Question: How do I respond or defuse the argument when the person won't give me a minute to speak I can't get a single word in edge ways. The PA won't stop screaming and calling me names even though I asked her to give me a moment to respond. No matter how calm I stay she will not stop until I run away from her and leave the premises or if I am on the phone with her I have to put the phone down and unplug or switch off so she can stop calling and screaming at me. Please help, thank you.

Response: The problem is that you have identified this behavior as passive-aggressive (PA) and are trying to use methods for PA behavior. Maybe this person is PA in other ways but screaming at you and calling you names is aggressive behavior, not PA behavior. Many people think that aggressive behavior is physical. However, it can also be verbal. In this case, the person is verbally abusive.

Your question indicates that you are trying to use reason to manage an aggressive person. However, often that cannot be done especially if the person won't listen to reason. Although you are asking for an alternative solution, the most important thing is to protect yourself from aggressive behavior. So you are doing the right thing by leaving the situation or hanging up the phone.

However, I assume that you have an ongoing relationship with this person and are looking for a solution so that she would be more responsive and less hostile. Unfortunately, that requires her cooperation and willingness to make changes.

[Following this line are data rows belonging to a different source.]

(* Let $\mathcal{P}(\mathbb{R}^d)$ denote the set of probability measures on $\mathbb{R}^d$ that are absolutely continuous with respect to Lebesgue measure and admit smooth densities. Let $p=\tilde p/\mathcal{Z}\in\mathcal{P}(\mathbb{R}^d)$ be a target density with $\tilde p:\mathbb{R}^d\to\mathbb{R}_{\ge0}$ continuous and $\mathcal{Z}=\int\tilde p(x)\,\mathrm{d}x$. Fix $\varepsilon_{\text{tr}}>0$, $\varepsilon_{\text{ent}}>0$ and $q_0\in\mathcal{P}(\mathbb{R}^d)$, and for $i\in\mathbb{N}$ consider the iterative scheme $$q_{i+1}=\operatorname*{arg\,min}_{q\in\mathcal{P}(\mathbb{R}^d)} D_{\mathrm{KL}}(q\,\|\,p)\quad\text{s.t.}\quad D_{\mathrm{KL}}(q\,\|\,q_i)\le\varepsilon_{\text{tr}},\quad H(q_i)-H(q)\le\varepsilon_{\text{ent}}$$ (together with the normalization constraint $\int q(x)\,\mathrm{d}x=1$), treated via a Lagrangian with multipliers $\lambda\ge0$ (trust-region constraint) and $\eta\ge0$ (entropy constraint). Then the intermediate optimal densities solving this problem satisfy $$q_{i+1}(x,\lambda,\eta)=\frac{q_i(x)^{\frac{\lambda}{1+\lambda+\eta}}\,\tilde p(x)^{\frac{1}{1+\lambda+\eta}}}{\mathcal{Z}_{i+1}(\lambda,\eta)},\qquad \mathcal{Z}_{i+1}(\lambda,\eta)=\int q_i(x)^{\frac{\lambda}{1+\lambda+\eta}}\,\tilde p(x)^{\frac{1}{1+\lambda+\eta}}\,\mathrm{d}x,$$ where $q_{i+1}$ are the unique optima of the Lagrangian corresponding to this problem.
   Context: $D_{\mathrm{KL}}(q\|r)=\int q(x)\log\frac{q(x)}{r(x)}\,\mathrm{d}x$ is the Kullback–Leibler divergence and $H(q)=-\int q(x)\log q(x)\,\mathrm{d}x$ the Shannon entropy. The Lagrangian is $D_{\mathrm{KL}}(q\|p)+\lambda\big(D_{\mathrm{KL}}(q\|q_i)-\varepsilon_{\text{tr}}\big)+\eta\big(H(q_i)-H(q)-\varepsilon_{\text{ent}}\big)$. *)

(* R^d is modelled as d.-tuple R with the product
   (coordinate-generated) sigma-algebra of the Borel sets of R. *)
From HB Require Import structures.
From mathcomp Require Import all_boot all_order all_algebra.
From mathcomp Require Import all_classical all_reals all_analysis.
Set Implicit Arguments.
Unset Strict Implicit.
Unset Printing Implicit Defensive.
Import Order.TTheory GRing.Theory Num.Theory.
Import numFieldNormedType.Exports.
Local Open Scope classical_set_scope.
Local Open Scope ring_scope.

Section Defs.
Variables (R : realType) (d : nat).
Local Notation Rd := (d.-tuple R).

Definition is_lebesgue_measure (mu : {measure set Rd -> \bar R}) : Prop :=
  forall a b : Rd, (forall i, tnth a i <= tnth b i) ->
    mu [set x : Rd | forall i, tnth a i <= tnth x i <= tnth b i] =
    (\prod_(i < d) (tnth b i - tnth a i))%:E.

Definition tuple_continuous (f : Rd -> R) : Prop :=
  forall x : Rd, forall e : R, 0 < e -> exists2 del : R, 0 < del &
    forall y : Rd, (forall i, `|tnth y i - tnth x i| < del) -> `|f y - f x| < e.

Variable mu : {measure set Rd -> \bar R}.

Definition is_density (q : Rd -> R) : Prop :=
  [/\ measurable_fun setT q, (forall x, 0 <= q x) &
      (\int[mu]_x (q x)%:E = 1)%E].

Definition finite_entropy (q : Rd -> R) : Prop :=
  mu.-integrable setT (fun x => (q x * ln (q x))%:E).

(* Shannon entropy H(q) = - \int q log q  (convention 0 log 0 = 0, ln 0 = 0) *)
Definition entropy (q : Rd -> R) : \bar R :=
  (\int[mu]_x (- (q x * ln (q x)))%:E)%E.

Definition kl_integrand (a b : R) : \bar R :=
  if a == 0 then 0%E else if b == 0 then +oo%E else (a * ln (a / b))%:E.

Definition KL (q r : Rd -> R) : \bar R :=
  (\int[mu]_x kl_integrand (q x) (r x))%E.

Definition Zconst (ptil : Rd -> R) : \bar R := (\int[mu]_x (ptil x)%:E)%E.

Definition target (ptil : Rd -> R) (x : Rd) : R := ptil x / fine (Zconst ptil).

Definition tilted (qi ptil : Rd -> R) (lam eta : R) (x : Rd) : R :=
  qi x `^ (lam / (1 + lam + eta)) * ptil x `^ (1 / (1 + lam + eta)).

Definition Znext (qi ptil : Rd -> R) (lam eta : R) : \bar R :=
  (\int[mu]_x (tilted qi ptil lam eta x)%:E)%E.

Definition qnext (qi ptil : Rd -> R) (lam eta : R) (x : Rd) : R :=
  tilted qi ptil lam eta x / fine (Znext qi ptil lam eta).

Definition lagrangian (ptil qi : Rd -> R) (eps_tr eps_ent lam eta : R)
    (q : Rd -> R) : \bar R :=
  (KL q (target ptil) + lam%:E * (KL q qi - eps_tr%:E)
   + eta%:E * (entropy qi - entropy q - eps_ent%:E))%E.

End Defs.

From HB Require Import structures.
From mathcomp Require Import all_boot all_order all_algebra.
From mathcomp Require Import all_classical all_reals all_analysis.
From mathcomp Require Import measurable_realfun.
From mathcomp Require Import ring lra.
Import Order.TTheory GRing.Theory Num.Theory.
Import numFieldNormedType.Exports.
Local Open Scope classical_set_scope.
Local Open Scope ring_scope.

(* Let gkl a b = a (ln a - ln b) - a + b be the integrand of the Kullback-Leibler
   divergence between unnormalised densities.  It is nonnegative and vanishes only
   at a = b, and for two probability densities KL(q || r) = \int gkl(q, r), since
   \int (q - r) = 0.  Because ln q_{i+1} = (lam ln q_i + ln ptil) / (1 + lam + eta)
   - ln Z_{i+1}, pointwise
     gkl(q, p) + lam gkl(q, q_i) + eta q ln q
       = (1 + lam + eta) gkl(q, q_{i+1}) + (a term affine in q, p, q_i, q_{i+1}),
   and the affine term has the same integral for every density q.  Hence the
   Lagrangian is L(q) = C + (1 + lam + eta) KL(q || q_{i+1}), which is minimal
   exactly when q = q_{i+1} almost everywhere. *)

(* The Bregman divergence of x ln x, with 0 ln 0 = 0 and a ln (a / 0) = +oo. *)
Definition gkl {R : realType} (a b : R) : \bar R :=
  if a == 0 then b%:E else if b == 0 then +oo%E
  else (a * (ln a - ln b) - a + b)%:E.

Section gkl.
Context {R : realType}.
Implicit Types a b x : R.

Lemma ln_le_subr1 x : 0 < x -> ln x <= x - 1.
Proof. by move=> x0; have := expR_ge1Dx (ln x); rewrite lnK ?posrE//; lra. Qed.

Lemma ln_lt_subr1 x : 0 < x -> x != 1 -> ln x < x - 1.
Proof.
move=> x0 x1; have := @expR_gt1Dx R (ln x).
by rewrite lnK ?posrE// ln_eq0// x1 => /(_ isT); lra.
Qed.

Lemma gkl0x b : gkl 0 b = b%:E.
Proof. by rewrite /gkl eqxx. Qed.

Lemma gklx0 a : a != 0 -> gkl a 0 = +oo%E.
Proof. by rewrite /gkl eqxx => /negbTE ->. Qed.

Lemma gklE a b : a != 0 -> b != 0 -> gkl a b = (a * (ln a - ln b) - a + b)%:E.
Proof. by rewrite /gkl => /negbTE -> /negbTE ->. Qed.

Lemma gkl_realE a b : 0 < a -> 0 < b ->
  a * (ln a - ln b) - a + b = a * (b / a - 1 - ln (b / a)).
Proof. by move=> a0 b0; rewrite ln_div ?posrE//; field; rewrite gt_eqF. Qed.

Lemma gkl_ge0 a b : 0 <= a -> 0 <= b -> (0 <= gkl a b)%E.
Proof.
rewrite /gkl => a0 b0; case: eqP => [_|/eqP a_neq0]; first by rewrite lee_fin.
case: eqP => [//|/eqP b_neq0]; have a_gt0 : 0 < a by rewrite lt_def a_neq0.
rewrite lee_fin gkl_realE ?lt_def ?a_neq0 ?b_neq0// mulr_ge0//.
by rewrite subr_ge0 ln_le_subr1// divr_gt0// lt_def b_neq0.
Qed.

Lemma gkl_eq0 a b : 0 <= a -> 0 <= b -> gkl a b = 0%E -> a = b.
Proof.
rewrite /gkl => a0 b0; case: eqP => [-> [] //|/eqP a_neq0].
case: eqP => [//|/eqP b_neq0 [] /eqP].
have [a_gt0 b_gt0] : 0 < a /\ 0 < b by rewrite !lt_def a_neq0 b_neq0.
rewrite gkl_realE// mulf_eq0 (negbTE a_neq0) /= subr_eq0 => /eqP ln_ba.
have [//|ab] := eqVneq a b.
have ba1 : b / a != 1.
  by apply: contra_neq ab => ba1; rewrite -[b](divfK (lt0r_neq0 a_gt0)) ba1 mul1r.
by have := ln_lt_subr1 _ (divr_gt0 b_gt0 a_gt0) ba1; rewrite -ln_ba ltxx.
Qed.

Lemma kl_integrandE a b : 0 <= a -> 0 <= b ->
  kl_integrand a b = (gkl a b + (a - b)%:E)%E.
Proof.
rewrite /kl_integrand /gkl => a0 b0; case: eqP => [->|/eqP a_neq0].
  by rewrite -EFinD add0r subrr.
case: eqP => [//|/eqP b_neq0].
rewrite -EFinD ln_div ?posrE ?lt_def ?a_neq0 ?b_neq0//.
by congr (_%:E); ring.
Qed.
End gkl.

Section tilted_pointwise.
Variables (R : realType) (lam eta Zc Zn : R).
Hypotheses (lam_ge0 : 0 <= lam) (eta_ge0 : 0 <= eta).
Hypotheses (Zc_gt0 : 0 < Zc) (Zn_gt0 : 0 < Zn).
Local Notation c := (1 + lam + eta).

Let c_gt0 : 0 < c. Proof. by rewrite -addrA ltr_wpDr ?addr_ge0. Qed.

Lemma gkl_tiltedE (a u v t : R) : 0 <= a -> 0 <= u -> 0 <= v ->
  t = u `^ (lam / c) * v `^ (1 / c) / Zn ->
  (gkl a (v / Zc) + lam%:E * gkl a u + (eta * (a * ln a))%:E =
   c%:E * gkl a t
   + ((ln Zc - c * ln Zn + eta) * a + v / Zc + lam * u - c * t)%:E)%E.
Proof.
move=> a0 u0 v0 tE.
have [->|a_neq0] := eqVneq a 0.
  by rewrite !gkl0x -!EFinM -!EFinD; congr (_%:E); ring.
have a_gt0 : 0 < a by rewrite lt_def a_neq0.
(* t = 0 forces v = 0, or u = 0 and lam > 0: both sides are then +oo. *)
have [t0|t_neq0] := eqVneq t 0.
  rewrite t0 gklx0// gt0_muley ?lte_fin// addye//.
  have gkl_p_ninf : gkl a (v / Zc) != -oo%E.
    by rewrite gt_eqF// (lt_le_trans ltNy0)// gkl_ge0// divr_ge0// ltW.
  have gkl_u_ninf : (lam%:E * gkl a u)%E != -oo%E.
    by rewrite gt_eqF// (lt_le_trans ltNy0)// mule_ge0 ?gkl_ge0.
  move/eqP: t0; rewrite tE !mulf_eq0 invr_eq0 (gt_eqF Zn_gt0) orbF !powR_eq0.
  case/orP => [/andP[/eqP -> lam_neq0]|/andP[/eqP -> _]].
    have lam_gt0 : 0 < lam.
      rewrite lt_def lam_ge0 andbT.
      by apply: contraNneq lam_neq0 => ->; rewrite mul0r.
    by rewrite gklx0// gt0_muley ?lte_fin// addey// addye.
  by rewrite mul0r gklx0// addye// addye.
have [U_gt0 V_gt0] : 0 < u `^ (lam / c) /\ 0 < v `^ (1 / c).
  move: t_neq0; rewrite tE !mulf_eq0 !negb_or => /andP[/andP[U_neq0 V_neq0] _].
  by rewrite !lt_def U_neq0 V_neq0 !powR_ge0.
have v_gt0 : 0 < v by apply: gt0_powR V_gt0; rewrite ?divr_gt0.
have lam_gkl : (lam%:E * gkl a u = (lam * (a * (ln a - ln u) - a + u))%:E)%E.
  have [->|lam_neq0] := eqVneq lam 0; first by rewrite mul0e mul0r.
  have u_neq0 : u != 0.
    apply: contraTneq U_gt0 => ->.
    by rewrite powR0 ?ltxx// mulf_eq0 negb_or lam_neq0 invr_eq0 gt_eqF.
  by rewrite gklE// -EFinM.
have ln_t : ln t = lam / c * ln u + 1 / c * ln v - ln Zn.
  by rewrite tE ln_div ?lnM ?ln_powR ?posrE ?mulr_gt0 ?divr_gt0.
rewrite lam_gkl [gkl a t]gklE// gklE ?gt_eqF ?divr_gt0//.
rewrite ln_t ln_div ?posrE// -!EFinM -!EFinD; congr (_%:E).
by field; rewrite !gt_eqF.
Qed.
End tilted_pointwise.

It is possible that your method could have some effect if you do it immediately and every time. So rather than trying to reason with her, hang up or leave at the first sign of her aggression. Use the same statement every time you leave or hang up so that eventually she may hear it and come to realize that she can only have a relationship with you if she stops screaming and calling you names. For instance, "We can visit later when you calm down" or "I won't tolerate you screaming and calling me names." Don't worry about whether she hears you, but take immediate action.